# WHAT IS BEING ASKED
In the entries below, find the line with "Lemma derive1_J1delta_sign eps1" and the line with "move=> Dde den_neq0 deceiver_sign tau_small.". Return those two lines and all lines between them, exactly.

(Saved entries)
────────────────────

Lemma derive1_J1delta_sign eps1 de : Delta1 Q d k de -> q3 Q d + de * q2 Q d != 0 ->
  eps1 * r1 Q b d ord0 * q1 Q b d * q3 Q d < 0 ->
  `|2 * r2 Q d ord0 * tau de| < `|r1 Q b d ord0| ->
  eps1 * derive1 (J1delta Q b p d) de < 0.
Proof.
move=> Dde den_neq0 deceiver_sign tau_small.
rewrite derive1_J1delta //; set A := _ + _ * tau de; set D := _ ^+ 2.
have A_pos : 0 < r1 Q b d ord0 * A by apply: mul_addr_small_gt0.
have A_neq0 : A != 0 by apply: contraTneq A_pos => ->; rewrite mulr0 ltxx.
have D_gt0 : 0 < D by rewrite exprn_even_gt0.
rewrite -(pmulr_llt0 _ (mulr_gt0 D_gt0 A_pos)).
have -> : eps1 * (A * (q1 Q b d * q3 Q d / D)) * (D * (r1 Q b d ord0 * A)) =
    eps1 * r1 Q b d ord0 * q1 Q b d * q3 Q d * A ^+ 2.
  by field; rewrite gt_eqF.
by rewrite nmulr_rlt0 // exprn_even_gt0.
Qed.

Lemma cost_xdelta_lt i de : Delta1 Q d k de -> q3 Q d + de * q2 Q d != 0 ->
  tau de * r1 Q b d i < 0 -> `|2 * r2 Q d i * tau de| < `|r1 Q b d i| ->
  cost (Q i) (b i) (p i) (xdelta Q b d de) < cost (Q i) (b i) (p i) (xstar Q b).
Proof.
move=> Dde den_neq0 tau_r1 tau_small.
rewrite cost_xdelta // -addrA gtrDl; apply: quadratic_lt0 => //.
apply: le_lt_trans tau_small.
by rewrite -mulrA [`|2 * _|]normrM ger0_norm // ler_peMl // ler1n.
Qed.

────────────────────

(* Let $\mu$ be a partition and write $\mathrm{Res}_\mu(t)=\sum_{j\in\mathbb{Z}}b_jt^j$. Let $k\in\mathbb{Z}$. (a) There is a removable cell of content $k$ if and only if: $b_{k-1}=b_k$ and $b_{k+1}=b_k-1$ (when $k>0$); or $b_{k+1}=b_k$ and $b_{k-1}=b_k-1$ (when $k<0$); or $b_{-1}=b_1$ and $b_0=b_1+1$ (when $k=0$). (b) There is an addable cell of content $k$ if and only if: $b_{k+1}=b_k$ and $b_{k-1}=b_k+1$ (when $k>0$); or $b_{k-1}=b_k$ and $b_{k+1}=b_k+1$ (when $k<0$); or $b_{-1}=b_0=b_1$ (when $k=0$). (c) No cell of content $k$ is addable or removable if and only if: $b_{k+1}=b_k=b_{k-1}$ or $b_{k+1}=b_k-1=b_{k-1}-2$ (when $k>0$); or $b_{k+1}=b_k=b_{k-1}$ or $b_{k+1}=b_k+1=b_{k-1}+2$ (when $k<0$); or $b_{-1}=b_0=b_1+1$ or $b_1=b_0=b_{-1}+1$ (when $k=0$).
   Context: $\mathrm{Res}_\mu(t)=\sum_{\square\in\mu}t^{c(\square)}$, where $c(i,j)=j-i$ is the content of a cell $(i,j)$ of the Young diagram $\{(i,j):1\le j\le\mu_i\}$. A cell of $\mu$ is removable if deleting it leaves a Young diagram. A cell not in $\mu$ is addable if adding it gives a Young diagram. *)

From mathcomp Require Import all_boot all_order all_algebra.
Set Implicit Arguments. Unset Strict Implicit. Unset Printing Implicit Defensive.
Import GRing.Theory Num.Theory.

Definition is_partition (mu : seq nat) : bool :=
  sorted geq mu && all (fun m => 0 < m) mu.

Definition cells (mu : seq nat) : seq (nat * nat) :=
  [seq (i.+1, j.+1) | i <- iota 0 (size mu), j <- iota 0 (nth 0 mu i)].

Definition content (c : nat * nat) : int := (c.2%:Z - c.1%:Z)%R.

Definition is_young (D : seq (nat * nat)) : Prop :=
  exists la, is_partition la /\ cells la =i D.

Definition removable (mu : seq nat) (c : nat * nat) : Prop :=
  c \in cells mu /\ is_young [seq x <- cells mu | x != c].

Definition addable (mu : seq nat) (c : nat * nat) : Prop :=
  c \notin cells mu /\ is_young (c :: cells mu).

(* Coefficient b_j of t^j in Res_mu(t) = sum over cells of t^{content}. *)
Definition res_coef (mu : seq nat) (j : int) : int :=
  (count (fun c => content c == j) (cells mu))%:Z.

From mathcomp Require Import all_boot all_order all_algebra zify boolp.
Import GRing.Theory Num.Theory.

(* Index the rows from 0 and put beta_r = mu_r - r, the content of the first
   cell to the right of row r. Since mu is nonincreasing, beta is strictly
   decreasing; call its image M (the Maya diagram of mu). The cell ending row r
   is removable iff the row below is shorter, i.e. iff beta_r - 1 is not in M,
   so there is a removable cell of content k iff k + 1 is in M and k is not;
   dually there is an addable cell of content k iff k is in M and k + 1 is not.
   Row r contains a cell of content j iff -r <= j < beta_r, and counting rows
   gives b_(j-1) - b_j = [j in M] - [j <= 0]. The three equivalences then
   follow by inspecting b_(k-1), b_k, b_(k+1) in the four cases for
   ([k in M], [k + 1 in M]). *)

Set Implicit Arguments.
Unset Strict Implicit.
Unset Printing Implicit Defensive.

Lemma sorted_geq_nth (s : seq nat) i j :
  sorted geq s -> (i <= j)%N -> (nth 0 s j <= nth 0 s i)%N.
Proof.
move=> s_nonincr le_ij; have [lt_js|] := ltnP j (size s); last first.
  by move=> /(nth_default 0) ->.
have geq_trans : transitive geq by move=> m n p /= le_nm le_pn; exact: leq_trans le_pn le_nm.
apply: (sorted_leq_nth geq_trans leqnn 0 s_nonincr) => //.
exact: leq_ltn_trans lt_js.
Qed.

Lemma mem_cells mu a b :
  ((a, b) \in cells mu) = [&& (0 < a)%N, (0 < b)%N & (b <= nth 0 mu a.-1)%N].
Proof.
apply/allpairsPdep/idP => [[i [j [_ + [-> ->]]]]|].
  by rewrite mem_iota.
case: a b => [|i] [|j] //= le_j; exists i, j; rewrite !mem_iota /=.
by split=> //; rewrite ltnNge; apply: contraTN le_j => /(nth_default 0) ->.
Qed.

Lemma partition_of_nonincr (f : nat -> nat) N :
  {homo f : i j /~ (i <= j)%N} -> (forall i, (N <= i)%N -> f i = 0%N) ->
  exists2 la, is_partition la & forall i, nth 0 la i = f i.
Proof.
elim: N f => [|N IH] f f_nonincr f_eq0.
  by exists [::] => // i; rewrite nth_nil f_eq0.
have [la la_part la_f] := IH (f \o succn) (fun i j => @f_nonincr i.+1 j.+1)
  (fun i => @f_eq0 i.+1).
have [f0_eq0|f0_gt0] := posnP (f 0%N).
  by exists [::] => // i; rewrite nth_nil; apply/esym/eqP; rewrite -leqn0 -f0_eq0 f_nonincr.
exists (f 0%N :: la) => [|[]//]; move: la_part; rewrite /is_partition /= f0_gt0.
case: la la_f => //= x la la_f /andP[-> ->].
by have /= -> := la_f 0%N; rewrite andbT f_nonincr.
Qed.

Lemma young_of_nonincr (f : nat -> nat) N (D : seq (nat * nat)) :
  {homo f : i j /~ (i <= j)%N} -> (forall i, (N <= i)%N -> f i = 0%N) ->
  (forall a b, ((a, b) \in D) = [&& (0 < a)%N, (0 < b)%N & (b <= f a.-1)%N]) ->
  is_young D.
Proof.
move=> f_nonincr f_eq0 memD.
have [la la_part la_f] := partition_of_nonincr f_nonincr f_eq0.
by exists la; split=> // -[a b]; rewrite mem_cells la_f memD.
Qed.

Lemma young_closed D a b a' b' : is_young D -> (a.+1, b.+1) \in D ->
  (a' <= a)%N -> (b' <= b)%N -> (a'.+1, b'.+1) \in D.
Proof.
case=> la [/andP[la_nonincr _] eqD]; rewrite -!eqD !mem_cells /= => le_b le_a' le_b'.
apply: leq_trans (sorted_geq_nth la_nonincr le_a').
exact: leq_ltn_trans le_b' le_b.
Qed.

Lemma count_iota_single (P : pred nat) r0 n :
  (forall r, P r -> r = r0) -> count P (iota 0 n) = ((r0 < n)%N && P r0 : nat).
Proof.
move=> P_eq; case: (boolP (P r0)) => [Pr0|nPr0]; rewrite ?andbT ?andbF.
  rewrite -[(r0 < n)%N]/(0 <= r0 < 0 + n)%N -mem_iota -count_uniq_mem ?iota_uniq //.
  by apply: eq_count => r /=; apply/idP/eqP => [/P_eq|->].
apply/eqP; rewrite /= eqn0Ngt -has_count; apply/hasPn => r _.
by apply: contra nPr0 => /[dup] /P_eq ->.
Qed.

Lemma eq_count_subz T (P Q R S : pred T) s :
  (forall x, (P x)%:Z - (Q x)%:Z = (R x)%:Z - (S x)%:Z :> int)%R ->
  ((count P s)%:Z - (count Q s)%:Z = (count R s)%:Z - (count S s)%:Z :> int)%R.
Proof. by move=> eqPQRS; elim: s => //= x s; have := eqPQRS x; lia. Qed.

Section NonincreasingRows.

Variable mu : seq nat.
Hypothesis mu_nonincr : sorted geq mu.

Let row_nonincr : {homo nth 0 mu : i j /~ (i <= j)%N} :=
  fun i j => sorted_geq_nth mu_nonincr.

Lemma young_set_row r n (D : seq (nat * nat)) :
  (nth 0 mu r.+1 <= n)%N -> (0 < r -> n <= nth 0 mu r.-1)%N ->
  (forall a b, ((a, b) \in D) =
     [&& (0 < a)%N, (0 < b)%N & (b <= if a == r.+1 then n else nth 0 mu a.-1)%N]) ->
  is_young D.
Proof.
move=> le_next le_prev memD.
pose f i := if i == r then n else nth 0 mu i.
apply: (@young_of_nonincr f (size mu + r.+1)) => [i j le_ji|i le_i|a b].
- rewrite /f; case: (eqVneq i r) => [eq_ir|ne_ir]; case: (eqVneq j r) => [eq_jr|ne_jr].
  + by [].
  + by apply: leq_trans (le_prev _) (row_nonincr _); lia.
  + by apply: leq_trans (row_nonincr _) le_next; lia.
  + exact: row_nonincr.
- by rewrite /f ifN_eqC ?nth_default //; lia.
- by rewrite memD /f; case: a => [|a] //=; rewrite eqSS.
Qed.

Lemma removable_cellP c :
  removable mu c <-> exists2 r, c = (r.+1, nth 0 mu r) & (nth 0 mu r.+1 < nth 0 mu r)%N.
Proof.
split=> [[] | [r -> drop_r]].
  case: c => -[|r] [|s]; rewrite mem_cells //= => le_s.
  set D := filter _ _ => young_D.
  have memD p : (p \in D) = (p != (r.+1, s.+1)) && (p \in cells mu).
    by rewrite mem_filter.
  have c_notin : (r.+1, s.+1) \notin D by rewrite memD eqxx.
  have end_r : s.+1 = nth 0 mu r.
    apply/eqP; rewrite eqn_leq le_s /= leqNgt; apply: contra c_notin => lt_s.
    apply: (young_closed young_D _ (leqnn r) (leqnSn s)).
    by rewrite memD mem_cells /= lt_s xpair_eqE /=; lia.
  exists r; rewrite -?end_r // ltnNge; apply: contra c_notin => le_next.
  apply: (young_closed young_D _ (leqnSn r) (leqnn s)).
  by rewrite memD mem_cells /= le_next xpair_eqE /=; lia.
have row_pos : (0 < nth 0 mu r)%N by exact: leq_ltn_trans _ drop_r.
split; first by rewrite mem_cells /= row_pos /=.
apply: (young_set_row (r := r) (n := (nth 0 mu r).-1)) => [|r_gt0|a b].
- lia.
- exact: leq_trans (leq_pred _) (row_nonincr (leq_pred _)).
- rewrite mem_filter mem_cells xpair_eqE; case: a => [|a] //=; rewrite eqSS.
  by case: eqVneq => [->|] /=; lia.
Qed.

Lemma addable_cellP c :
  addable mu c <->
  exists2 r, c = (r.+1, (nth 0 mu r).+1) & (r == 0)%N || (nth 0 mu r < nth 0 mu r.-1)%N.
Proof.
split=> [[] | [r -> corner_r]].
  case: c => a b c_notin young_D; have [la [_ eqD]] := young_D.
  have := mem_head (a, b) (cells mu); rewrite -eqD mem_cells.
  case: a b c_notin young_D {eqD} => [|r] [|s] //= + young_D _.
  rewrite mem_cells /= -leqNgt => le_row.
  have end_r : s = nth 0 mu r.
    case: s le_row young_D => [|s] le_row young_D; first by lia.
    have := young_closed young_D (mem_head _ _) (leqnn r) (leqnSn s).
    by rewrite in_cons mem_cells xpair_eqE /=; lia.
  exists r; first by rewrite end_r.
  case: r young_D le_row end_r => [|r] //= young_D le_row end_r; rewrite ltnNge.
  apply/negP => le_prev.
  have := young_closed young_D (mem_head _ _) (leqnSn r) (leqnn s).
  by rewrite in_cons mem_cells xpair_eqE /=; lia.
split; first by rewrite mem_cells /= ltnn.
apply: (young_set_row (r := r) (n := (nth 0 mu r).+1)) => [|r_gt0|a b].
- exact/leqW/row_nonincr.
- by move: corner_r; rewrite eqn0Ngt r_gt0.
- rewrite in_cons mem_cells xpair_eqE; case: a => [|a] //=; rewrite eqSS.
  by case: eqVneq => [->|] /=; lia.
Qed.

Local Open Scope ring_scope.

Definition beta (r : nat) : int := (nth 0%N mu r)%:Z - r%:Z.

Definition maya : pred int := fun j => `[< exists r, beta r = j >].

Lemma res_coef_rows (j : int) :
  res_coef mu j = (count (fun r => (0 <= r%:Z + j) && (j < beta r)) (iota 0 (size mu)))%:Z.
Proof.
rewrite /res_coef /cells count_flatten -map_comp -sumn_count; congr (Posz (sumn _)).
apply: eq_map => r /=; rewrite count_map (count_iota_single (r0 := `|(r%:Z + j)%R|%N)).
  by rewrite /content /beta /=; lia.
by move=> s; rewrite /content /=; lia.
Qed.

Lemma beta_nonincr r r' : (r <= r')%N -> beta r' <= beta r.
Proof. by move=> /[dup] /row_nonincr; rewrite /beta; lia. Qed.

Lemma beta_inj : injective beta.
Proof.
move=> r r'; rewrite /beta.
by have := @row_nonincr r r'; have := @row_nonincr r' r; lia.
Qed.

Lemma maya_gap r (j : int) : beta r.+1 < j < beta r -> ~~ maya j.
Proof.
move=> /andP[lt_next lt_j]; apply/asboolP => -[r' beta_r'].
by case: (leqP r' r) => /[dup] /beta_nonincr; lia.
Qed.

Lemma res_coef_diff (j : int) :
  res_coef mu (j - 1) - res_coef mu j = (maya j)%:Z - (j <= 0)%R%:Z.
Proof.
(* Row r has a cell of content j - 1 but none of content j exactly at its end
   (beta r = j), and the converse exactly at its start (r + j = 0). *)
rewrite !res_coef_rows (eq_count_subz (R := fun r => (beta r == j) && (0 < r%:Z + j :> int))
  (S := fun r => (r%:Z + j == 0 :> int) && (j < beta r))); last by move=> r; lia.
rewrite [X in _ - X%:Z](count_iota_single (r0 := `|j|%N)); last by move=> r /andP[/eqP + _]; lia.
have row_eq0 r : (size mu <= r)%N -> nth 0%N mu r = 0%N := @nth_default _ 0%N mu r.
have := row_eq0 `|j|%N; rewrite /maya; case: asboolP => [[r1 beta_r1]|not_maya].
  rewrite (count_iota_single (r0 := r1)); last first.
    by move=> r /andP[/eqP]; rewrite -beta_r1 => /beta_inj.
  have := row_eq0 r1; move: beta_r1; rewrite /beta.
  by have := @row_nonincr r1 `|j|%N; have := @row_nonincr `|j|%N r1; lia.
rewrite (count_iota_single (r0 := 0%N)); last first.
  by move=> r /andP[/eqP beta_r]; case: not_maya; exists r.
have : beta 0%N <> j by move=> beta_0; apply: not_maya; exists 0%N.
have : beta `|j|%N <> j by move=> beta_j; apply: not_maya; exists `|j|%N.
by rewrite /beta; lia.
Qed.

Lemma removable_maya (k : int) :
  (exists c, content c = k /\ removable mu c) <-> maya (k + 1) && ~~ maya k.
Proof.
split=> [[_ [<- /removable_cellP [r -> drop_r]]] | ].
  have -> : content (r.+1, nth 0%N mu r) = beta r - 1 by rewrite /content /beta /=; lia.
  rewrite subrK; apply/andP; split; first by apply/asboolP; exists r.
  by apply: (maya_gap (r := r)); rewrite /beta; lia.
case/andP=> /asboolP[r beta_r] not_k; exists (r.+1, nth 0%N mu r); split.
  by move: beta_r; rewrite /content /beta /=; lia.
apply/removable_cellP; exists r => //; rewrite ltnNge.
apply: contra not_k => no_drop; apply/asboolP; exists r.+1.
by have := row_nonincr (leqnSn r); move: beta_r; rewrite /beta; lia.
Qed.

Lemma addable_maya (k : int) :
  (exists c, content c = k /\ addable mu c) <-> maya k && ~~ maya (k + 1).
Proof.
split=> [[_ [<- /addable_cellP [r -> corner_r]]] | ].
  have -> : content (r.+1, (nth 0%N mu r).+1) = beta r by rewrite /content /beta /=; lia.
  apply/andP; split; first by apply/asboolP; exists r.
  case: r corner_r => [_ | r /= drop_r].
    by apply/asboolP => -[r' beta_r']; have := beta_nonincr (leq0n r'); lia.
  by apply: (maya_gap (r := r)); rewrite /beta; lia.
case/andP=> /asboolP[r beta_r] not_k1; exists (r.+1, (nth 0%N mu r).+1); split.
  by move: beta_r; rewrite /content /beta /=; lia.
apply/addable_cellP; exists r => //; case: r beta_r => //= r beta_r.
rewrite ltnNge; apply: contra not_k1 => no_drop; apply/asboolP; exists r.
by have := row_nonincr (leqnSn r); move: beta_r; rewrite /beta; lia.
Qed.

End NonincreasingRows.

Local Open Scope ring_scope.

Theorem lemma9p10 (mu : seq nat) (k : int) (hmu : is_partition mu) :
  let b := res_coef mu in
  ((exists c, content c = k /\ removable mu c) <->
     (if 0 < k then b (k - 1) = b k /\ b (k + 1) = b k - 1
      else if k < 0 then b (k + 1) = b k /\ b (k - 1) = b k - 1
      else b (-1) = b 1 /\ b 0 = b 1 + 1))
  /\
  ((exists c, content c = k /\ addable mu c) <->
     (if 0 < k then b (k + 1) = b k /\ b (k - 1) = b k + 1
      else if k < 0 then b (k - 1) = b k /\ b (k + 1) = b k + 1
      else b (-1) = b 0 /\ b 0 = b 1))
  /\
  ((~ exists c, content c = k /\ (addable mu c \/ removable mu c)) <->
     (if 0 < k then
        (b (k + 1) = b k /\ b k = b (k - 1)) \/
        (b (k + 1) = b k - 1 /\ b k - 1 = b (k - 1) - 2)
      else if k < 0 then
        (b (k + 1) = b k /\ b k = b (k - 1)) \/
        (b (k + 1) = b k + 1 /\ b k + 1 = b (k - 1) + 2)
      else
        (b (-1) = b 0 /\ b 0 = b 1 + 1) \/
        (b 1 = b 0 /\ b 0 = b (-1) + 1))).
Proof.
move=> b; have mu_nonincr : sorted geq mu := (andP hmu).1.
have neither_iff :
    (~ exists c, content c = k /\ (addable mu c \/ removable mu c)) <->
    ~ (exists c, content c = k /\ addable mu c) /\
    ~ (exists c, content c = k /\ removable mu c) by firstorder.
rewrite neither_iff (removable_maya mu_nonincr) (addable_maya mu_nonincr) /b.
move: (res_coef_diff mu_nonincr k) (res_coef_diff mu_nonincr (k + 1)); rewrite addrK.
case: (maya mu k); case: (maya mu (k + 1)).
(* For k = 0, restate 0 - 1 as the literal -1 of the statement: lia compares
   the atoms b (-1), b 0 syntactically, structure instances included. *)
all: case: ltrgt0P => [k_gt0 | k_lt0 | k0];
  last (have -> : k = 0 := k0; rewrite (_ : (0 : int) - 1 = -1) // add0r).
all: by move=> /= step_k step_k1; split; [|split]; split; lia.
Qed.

────────────────────

# PROBLEM SOLUTION
Lemma derive1_J1delta_sign eps1 de : Delta1 Q d k de -> q3 Q d + de * q2 Q d != 0 ->
  eps1 * r1 Q b d ord0 * q1 Q b d * q3 Q d < 0 ->
  `|2 * r2 Q d ord0 * tau de| < `|r1 Q b d ord0| ->
  eps1 * derive1 (J1delta Q b p d) de < 0.
Proof.
move=> Dde den_neq0 deceiver_sign tau_small.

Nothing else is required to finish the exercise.